The Self Talk spiraling down list for this season:
1.    I took an unpaid/planned sabbatical from my job to reduce the emotional, mental, and spiritual stress in my and my family’s life. But the sabbatical was disrupted half way through by losing that job, which spun our whole family’s life back into the very stresses we were trying to take a break from.
2.   We learned that some of our trusted friends, were not.
3.   We are losing a 7 year pillar of our life and routine.
4.    I put on 25 pounds since last summer.
5.   We were financially strained before my sabbatical.
6.   Our landlord is indicating that he wants to sell this house when our lease is up next May. Each person in our family has lived in this house longer than any of us has ever lived anywhere for our entire lives. To say it will be heartbreaking to move, is a gross understatement.
7.   I have realized that if I had not put my college degree on hold, or turned down several amazing job opportunities to serve at this job that I just lost that I would now hold at least one BA, and have saved enough income to be able to buy a house when my landlord wanted to sell this one.
8.    My young adults already know what church burn out is.
9.    I was honorable with my communication, it’s becoming evident that others have not been.

The covered in Grace, logic it out, real lens, practical let’s move on list:
1.    I needed this break regardless of the pay loss because I was in an unhealthy situation.
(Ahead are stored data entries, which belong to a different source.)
Lemma hsubst_eval (g : MP) (hx hy hw : {poly R}) t : hw.[t] != 0 ->
  (hsubst g hx hy hw).[t] = hw.[t] ^+ tdeg g * g.@[pt2 (hx.[t] / hw.[t], hy.[t] / hw.[t])].
Proof.
move=> w0; rewrite meval_pt2 /hsubst horner_sum mulr_sumr !big_seq; apply: eq_bigr => m gm.
have -> : hw.[t] ^+ tdeg g = hw.[t] ^+ (tdeg g - mdeg m) * (hw.[t] ^+ m ord0 * hw.[t] ^+ m ord_max).
  by rewrite -!exprD -mdeg2 subnK ?mdeg_le_tdeg.
rewrite hornerZ !hornerM !horner_exp !expr_div_n.
have wx0 : hw.[t] ^+ m ord0 != 0 by rewrite expf_neq0.
have wy0 : hw.[t] ^+ m ord_max != 0 by rewrite expf_neq0.
move: wx0 wy0; set a := hw.[t] ^+ m ord0; set b := hw.[t] ^+ m ord_max.
set e := hw.[t] ^+ _; set x := hx.[t] ^+ _; set y := hy.[t] ^+ _.
by move=> a0 b0; field; rewrite a0 b0.
Qed.

End RationalCurves.

Section VanishingOnCurves.
Variable R : realType.
Notation MP := {mpoly R[2]}.

Lemma mvanish_line_nat (g : MP) (p D : R * R) :
  (forall k : nat, g.@[pt2 (p.1 + k%:R * D.1, p.2 + k%:R * D.2)] = 0) ->
  forall s, g.@[pt2 (p.1 + s * D.1, p.2 + s * D.2)] = 0.
Proof.
move=> g0; set hx := Poly [:: p.1; D.1]; set hy := Poly [:: p.2; D.2].
have hxE s : hx.[s] = p.1 + s * D.1 by rewrite horner_Poly /=; ring.
have hyE s : hy.[s] = p.2 + s * D.2 by rewrite horner_Poly /=; ring.
have gE s : (hsubst g hx hy 1).[s] = g.@[pt2 (p.1 + s * D.1, p.2 + s * D.2)].
  by rewrite hsubst_eval hornerC ?oner_neq0 // expr1n mul1r !divr1 hxE hyE.
have G0 : hsubst g hx hy 1 = 0 by apply: poly_eq0_nat_roots => k; rewrite /root gE g0.
by move=> s; rewrite -gE G0 horner0.
Qed.

(* [circle_at c u r] parametrises the circle of centre [c] and radius [r]
   minus the point [c + r u], which is reached at [t = oo]; [circle_coord]
   is its inverse. *)
Definition circle_at (c u : R * R) (r t : R) : R * R :=
  let z := circ_param t in
  (c.1 + r * (u.1 * z.1 - u.2 * z.2), c.2 + r * (u.2 * z.1 + u.1 * z.2)).

Definition circle_coord (c u : R * R) (r : R) (q : R * R) : R :=
  let z1 := (u.1 * (q.1 - c.1) + u.2 * (q.2 - c.2)) / r in
  let z2 := (u.1 * (q.2 - c.2) - u.2 * (q.1 - c.1)) / r in
  z2 / (1 - z1).

Lemma circle_coordK (c u q : R * R) (r : R) :
  0 < r -> unit_vec u -> sqdist q c = r ^+ 2 ->
  q != (c.1 + r * u.1, c.2 + r * u.2) -> circle_at c u r (circle_coord c u r q) = q.
Proof.
rewrite /unit_vec => r0 u1 qc qM; have r0' := lt0r_neq0 r0.
set d1 := q.1 - c.1; set d2 := q.2 - c.2.
set z1 := (u.1 * d1 + u.2 * d2) / r; set z2 := (u.1 * d2 - u.2 * d1) / r.
have rot1 : u.1 * z1 - u.2 * z2 = d1 / r.
  by rewrite -[in RHS](mul1r d1) -u1 /z1 /z2; field.
have rot2 : u.2 * z1 + u.1 * z2 = d2 / r.
  by rewrite -[in RHS](mul1r d2) -u1 /z1 /z2; field.
have z_unit : z1 ^+ 2 + z2 ^+ 2 = 1.
  have -> : z1 ^+ 2 + z2 ^+ 2 = (u.1 ^+ 2 + u.2 ^+ 2) * (d1 ^+ 2 + d2 ^+ 2) / r ^+ 2.
    by rewrite /z1 /z2; field.
  by rewrite u1 mul1r -[d1 ^+ 2 + _]/(sqdist q c) qc divff // expf_neq0.
have z1_neq1 : z1 != 1.
  apply: contraNneq qM => z11; have z20 : z2 = 0.
    by apply/eqP; rewrite -sqrf_eq0; move: z_unit; rewrite z11 expr1n => ?; apply/eqP; lra.
  move: rot1 rot2; rewrite z11 z20 !mulr1 !mulr0 subr0 addr0 => -> ->.
  by apply/eqP/injective_projections; rewrite /= mulrC divfK // addrC subrK.
rewrite /circle_at /circle_coord -/d1 -/d2 -/z1 -/z2 circ_paramK //= rot1 rot2.
by apply: injective_projections; rewrite /= mulrC divfK // addrC subrK.
Qed.

Lemma mvanish_circle (g : MP) (c u : R * R) (r : R) (L : seq (R * R)) :
  0 < r -> unit_vec u -> uniq L -> (2 * tdeg g < size L)%N ->
  (forall q, q \in L ->
    [/\ sqdist q c = r ^+ 2, q != (c.1 + r * u.1, c.2 + r * u.2) & g.@[pt2 q] = 0]) ->
  forall q, sqdist q c = r ^+ 2 -> q != (c.1 + r * u.1, c.2 + r * u.2) -> g.@[pt2 q] = 0.
Proof.
move=> r0 u1 L_uniq L_size gL.
set hw := Poly [:: 1; 0; 1 : R].
set hx := Poly [:: c.1 - r * u.1; - (2 * r * u.2); c.1 + r * u.1].
set hy := Poly [:: c.2 - r * u.2; 2 * r * u.1; c.2 + r * u.2].
have hwE t : hw.[t] = t ^+ 2 + 1 by rewrite horner_Poly /=; ring.
have hw0 t : hw.[t] != 0 by rewrite hwE sqr_add1_neq0.
have curveE t : (hx.[t] / hw.[t], hy.[t] / hw.[t]) = circle_at c u r t.
  rewrite /circle_at /circ_param /= hwE !horner_Poly /=.
  by congr (_, _); field; rewrite sqr_add1_neq0.
have gE t : (hsubst g hx hy hw).[t] = hw.[t] ^+ tdeg g * g.@[pt2 (circle_at c u r t)].
  by rewrite hsubst_eval ?curveE.
have G0 : hsubst g hx hy hw = 0.
  apply: (@roots_geq_poly_eq0 _ _ [seq circle_coord c u r q | q <- L]).
  - apply/allP => _ /mapP [q qL ->]; have [qc qM gq] := gL q qL.
    by rewrite /root gE circle_coordK // gq mulr0.
  - rewrite map_inj_in_uniq // => q q' qL q'L /(congr1 (circle_at c u r)).
    by have [? ? _] := gL q qL; have [? ? _] := gL q' q'L; rewrite !circle_coordK.
  - rewrite size_map; apply: leq_trans L_size.
    by apply: size_hsubst; apply: size_Poly.
move=> q qc qM; have := gE (circle_coord c u r q).
rewrite G0 horner0 circle_coordK // => /esym/eqP.
by rewrite mulf_eq0 expf_eq0 (negbTE (hw0 _)) andbF => /eqP.
Qed.

Lemma exists_circle_point_notin (c : R * R) (r : R) (L : seq (R * R)) : 0 < r ->
  exists2 u : R * R, unit_vec u & (c.1 + r * u.1, c.2 + r * u.2) \notin L.
Proof.
move=> r0; pose M k := (c.1 + r * (circ_param k%:R).1, c.2 + r * (circ_param k%:R).2).
have M_inj : injective M.
  by move=> k l [] /addrI /(mulfI (lt0r_neq0 r0)) /circ_param_nat_inj.
have : ~~ all (mem L) [seq M k | k <- iota 0 (size L).+1].
  apply/negP => /allP /uniq_leq_size; rewrite map_inj_uniq ?iota_uniq //.
  by rewrite size_map size_iota ltnn => /(_ isT).
by case/allPn => _ /mapP [k _ ->] ML; exists (circ_param k%:R) => //; apply: circ_param_unit.
Qed.

End VanishingOnCurves.

Section CurvesFromIrreducibles.
Variable R : realType.
Notation MP := {mpoly R[2]}.
Implicit Types (C : R * R -> Prop) (f : MP).

Lemma meval_pt2_val f (v : 'I_2 -> R) : f.@[v] = f.@[pt2 (v ord0, v ord_max)].
Proof. by apply: meval_eq => -[[|[|?]] ?] //=; congr (v _); apply: val_inj. Qed.

Lemma zero_set_scale C f (h : R * R -> R) (k : R) :
  k != 0 -> same_set C (zero_set f) -> (forall p, f.@[pt2 p] = k * h p) ->
  forall p, C p <-> h p = 0.
Proof.
move=> k0 Cf fE p; rewrite Cf /zero_set fE.
by split=> [/eqP|->]; rewrite ?mulr0 // mulf_eq0 (negbTE k0) => /eqP.
Qed.

Lemma mirreducible_line C f (p D : R * R) :
  mirreducible f -> same_set C (zero_set f) -> D != (0, 0) ->
  (forall s, C (p.1 + s * D.1, p.2 + s * D.2)) -> is_line C.
Proof.
move=> irr Cf D0 C_line; have f0 s := proj1 (Cf _) (C_line s).
have [D1_0|D1_neq0] := eqVneq D.1 0.
  have D2_neq0 : D.2 != 0 by apply: contraNneq D0 => D2_0; apply/eqP/injective_projections.
  have [|k k0 fE] := @mirreducible_vanishing_on_line R ord0 ord_max f 0 p.1 isT irr.
    move=> v v0; rewrite meval_pt2_val -(f0 ((v ord_max - p.2) / D.2)) D1_0 v0 divfK //.
    by congr (_.@[pt2 (_, _)]); ring.
  exists 1, 0, (- p.1); split; first by rewrite xpair_eqE oner_eq0.
  move=> q; rewrite (zero_set_scale k0 Cf (h := fun q => q.1 - (0 * q.2 + p.1))).
    by split=> ?; lra.
  by move=> [x y]; rewrite fE.
set al := D.2 / D.1; set be := p.2 - al * p.1.
have [|k k0 fE] := @mirreducible_vanishing_on_line R ord_max ord0 f al be isT irr.
  move=> v v1; rewrite meval_pt2_val -(f0 ((v ord0 - p.1) / D.1)) v1 divfK //.
  by congr (_.@[pt2 (_, _)]); rewrite /be /al; field.
exists (- al), 1, (- be); split; first by rewrite xpair_eqE oner_eq0 andbF.
move=> q; rewrite (zero_set_scale k0 Cf (h := fun q => q.2 - (al * q.1 + be))).
  by split=> ?; lra.
by move=> [x y]; rewrite fE.
Qed.

Lemma mirreducible_circle C f (c M : R * R) (r : R) :
  0 < r -> mirreducible f -> same_set C (zero_set f) ->
  (forall q, sqdist q c = r ^+ 2 -> q != M -> C q) -> is_circle C.
Proof.
move=> r0 irr Cf C_circle.
have [k k0 fE] := mirreducible_vanishing_on_circle r0 irr
  (fun q qc qM => proj1 (Cf q) (C_circle q qc qM)).
exists c.1, c.2, r; split => // q; rewrite (zero_set_scale k0 Cf fE).
by rewrite /sqdist; split=> ?; lra.
Qed.

End CurvesFromIrreducibles.

Section PlaneIsometries.
Variable R : realType.
Implicit Types (p q t w : R * R) (T : R * R -> R * R).

(* In complex notation [direct w t p = w p + t] and [opposite w t p = w conj(p) + t]. *)
Definition direct w t p : R * R :=
  (w.1 * p.1 - w.2 * p.2 + t.1, w.2 * p.1 + w.1 * p.2 + t.2).
Definition opposite w t p : R * R :=
  (w.1 * p.1 + w.2 * p.2 + t.1, w.2 * p.1 - w.1 * p.2 + t.2).
Definition translation t := direct (1, 0) t.

Lemma isometry_dot T o p q : isometry T -> T (0, 0) = o ->
  ((T p).1 - o.1) * ((T q).1 - o.1) + ((T p).2 - o.2) * ((T q).2 - o.2) = p.1 * q.1 + p.2 * q.2.
Proof.
move=> isoT To; have := isoT p q; have := isoT p (0, 0); have := isoT q (0, 0).
rewrite /sqdist /= To !subr0; nra.
Qed.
My family needed this break and although I have now suffered a job loss, we’ve all received a health gain.
2.    Real deal friends can take the bad with the good. Although my confidence has been shattered by some, it has been built up more securely than ever by others. The fire proves the trust, this fire proved those who could be trusted.
3.   We refuse to lose our pillars of life, the routine must change. We will not abandon meeting with our church family, we just won’t do so on a Sunday basis. Our community is still our community.
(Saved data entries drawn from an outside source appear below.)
(* completely prime filters of the frame of opens of X (points of sX) *)
Definition cpfilter (X : Space) (P : (X -> Prop) -> Prop) : Prop :=
  (forall U, P U -> isOpen U) /\
  P (fun _ => True) /\
  (forall U V, isOpen U -> isOpen V -> P U -> (forall x, U x -> V x) -> P V) /\
  (forall U V, P U -> P V -> P (fun x => U x /\ V x)) /\
  (forall F : (X -> Prop) -> Prop, (forall U, F U -> isOpen U) ->
      P (fun x => exists U, F U /\ U x) -> exists U, F U /\ P U).

(* raw sober map X ~> Y : a function X -> sY *)
Definition rawSober (X Y : Space) := X -> ((Y -> Prop) -> Prop).

(* the open sets of sY are exactly the sets {P | P V}, V open in Y; so a
   map f : X -> sY is continuous iff {x | f x V} is open for V open. *)
Definition soberMap (X Y : Space) (f : rawSober X Y) : Prop :=
  (forall x, cpfilter (f x)) /\
  (forall V, isOpen V -> isOpen (fun x => f x V)).

Definition lambdaS (X : Space) : rawSober X X := fun x U => isOpen U /\ U x.

(* g . f = lambda_{sZ}^{-1} o sg o f, unfolded:
   (g . f)(x) = { W | f x (g^{-1}(phi W)) } with phi W = {Q | Q W} *)
Definition soberComp (X Y Z : Space) (g : rawSober Y Z) (f : rawSober X Y)
  : rawSober X Z := fun x W => f x (fun y => g y W).

Definition TDTopS : CatData := {|
  Ob := { X : Space | TD_space X };
  Hm := fun X Y => rawSober (proj1_sig X) (proj1_sig Y);
  valid := fun X Y f => @soberMap (proj1_sig X) (proj1_sig Y) f;
  cmp := fun X Y Z g f => @soberComp (proj1_sig X) (proj1_sig Y) (proj1_sig Z) g f;
  idm := fun X => @lambdaS (proj1_sig X)
|}.

Record MTAlg := {
  mcar :> Type;
  mle : mcar -> mcar -> Prop;
  mle_refl : forall a, mle a a;
  mle_trans : forall a b c, mle a b -> mle b c -> mle a c;
  mle_anti : forall a b, mle a b -> mle b a -> a = b;
  msup : (mcar -> Prop) -> mcar;
  msup_ub : forall S a, S a -> mle a (msup S);
  msup_least : forall S b, (forall a, S a -> mle a b) -> mle (msup S) b;
  mmeet : mcar -> mcar -> mcar;
  mmeet_l : forall a b, mle (mmeet a b) a;
  mmeet_r : forall a b, mle (mmeet a b) b;
  mmeet_glb : forall a b c, mle c a -> mle c b -> mle c (mmeet a b);
  mdistr : forall a b c,
      mmeet a (msup (fun x => x = b \/ x = c)) =
      msup (fun x => x = mmeet a b \/ x = mmeet a c);
  mneg : mcar -> mcar;
  mneg_meet : forall a, mmeet a (mneg a) = msup (fun _ => False);
  mneg_join : forall a, msup (fun x => x = a \/ x = mneg a) = msup (fun _ => True);
  mbox : mcar -> mcar;
  mbox_top : mbox (msup (fun _ => True)) = msup (fun _ => True);
  mbox_meet : forall a b, mbox (mmeet a b) = mmeet (mbox a) (mbox b);
  mbox_defl : forall a, mle (mbox a) a;
  mbox_4 : forall a, mle (mbox a) (mbox (mbox a))
}.

Arguments mle {m}.
Arguments msup {m}.
Arguments mmeet {m}.
Arguments mneg {m}.
Arguments mbox {m}.

Definition mtop (M : MTAlg) : M := msup (fun _ => True).
Definition mbot (M : MTAlg) : M := msup (fun _ => False).
Definition mdia (M : MTAlg) (a : M) : M := mneg (mbox (mneg a)).
Definition openM (M : MTAlg) (a : M) : Prop := mbox a = a.
Definition locClosed (M : MTAlg) (a : M) : Prop :=
  exists b c, a = mmeet (mbox b) (mdia c).

Definition TD_alg (M : MTAlg) : Prop :=
  forall a : M, exists S : M -> Prop, (forall x, S x -> locClosed x) /\ a = msup S.

Definition atom (M : MTAlg) (x : M) : Prop :=
  x <> mbot M /\ forall y, mle y x -> y = mbot M \/ y = x.

Definition spatial (M : MTAlg) : Prop :=
  forall a b : M,
    (fun x => atom x /\ mle x a) = (fun x => atom x /\ mle x b) -> a = b.

Definition proximity (M N : MTAlg) (f : M -> N) : Prop :=
  ((forall a, openM a -> openM (f a)) /\
   f (mtop M) = mtop N /\
   (forall a b, openM a -> openM b -> f (mmeet a b) = mmeet (f a) (f b)) /\
   (forall S : M -> Prop, (forall a, S a -> openM a) ->
       f (msup S) = msup (fun y => exists a, S a /\ y = f a))) /\
  (forall a b, f (mmeet a b) = mmeet (f a) (f b)) /\
  (forall l : list M, (forall x, In x l -> locClosed x) ->
       f (msup (fun x => In x l)) = msup (fun y => exists x, In x l /\ y = f x)) /\
  (forall a, f a = msup (fun y => exists x, locClosed x /\ mle x a /\ y = f x)).

Definition proxComp (M1 M2 M3 : MTAlg) (g : M2 -> M3) (f : M1 -> M2) : M1 -> M3 :=
  fun a => msup (fun z => exists x, locClosed x /\ mle x a /\ z = g (f x)).

Definition proxId (M : MTAlg) : M -> M :=
  fun a => msup (fun x => locClosed x /\ mle x a).

Definition STDMTP : CatData := {|
  Ob := { M : MTAlg | spatial M /\ TD_alg M };
  Hm := fun M N => mcar (proj1_sig M) -> mcar (proj1_sig N);
  valid := fun M N f => proximity f;
  cmp := fun M1 M2 M3 g f => proxComp g f;
  idm := fun M => proxId (M := proj1_sig M)
|}.

(* A T_D space X gives the MT-algebra of all subsets of X with interior as box;
   a spatial T_D MT-algebra M gives the space of its atoms, whose opens are the
   sets of atoms below open elements.  A sober map f : X ~> Y acts on a locally
   closed set U \ V as {x | U in f x, V not in f x} and on an arbitrary set as the
   union over the locally closed sets it contains; complete primeness of each
   f x makes this a proximity morphism, the delicate point being preservation
   of finite joins of locally closed sets, where the pieces are split off one at
   a time.  Conversely a proximity morphism h : N -> M sends an atom p of M to
   the completely prime filter of opens {below u | p <= h u}.  Since singletons
   of a T_D space and atoms of a T_D algebra are locally closed, X is recovered
   as the atoms of its powerset and M as the powerset of its atoms, naturally
   in both variables. *)

From Stdlib Require Import List Classical.
From Stdlib Require Import FunctionalExtensionality PropExtensionality ProofIrrelevance.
4.    I have lost some of my stress weight, I have gained strength and my summer clothes fit again.
5.   We have had more money at the end of our month than we did before the job loss. Our obedience has “paid” off. Seriously, I don’t know how…but it has.
6.   Home is where your heart is, but a stable stable is good thing. I can’t really do anything about this likelihood, but I can make ready and pray.
7.   No one in my home resents me for taking on the ministry. Although I have not finished school, and I don’t have the nest egg I could have, I became family, friend, mentor, teacher, sister, and pastor to some of the best people in my world. I would not trade that for a degree or treasure, they are my treasure.
8.   My children are not mine, they belong to the Lord and He will walk them through to the next place, and the next, and the next. Burn out is caused by people, not service.
9.   Fear can cause people to believe that they need to lie. Fear also causes people to convince themselves that adding a little truth to their lie makes their lie true… they will learn that it doesn’t. It is not my job to fight that fight.

Life Lessons:
·        *All of this stuff is temporary, and I am not defined by these things or by fearful people.
·        * Have I allowed people to reveal their low tide, and have I been sensitive about their process style? Have I disappeared from someone’s life intentionally or not, because their process was stressful to me?
·        * Have I lost touch with someone because we don’t see each other at a convenient mutual gathering situation?
·        * People are always looking out for #1, if Jesus is #1 it’s evident…if not, it’s also evident. 

      It's not perfect, and it's really a lot more complex than this, but it's what I go to. Yes, of course it's also tempered with prayer and reading the Word and counsel. I just wanted you to know, it's not all rainbows and sunshine, and that's ok.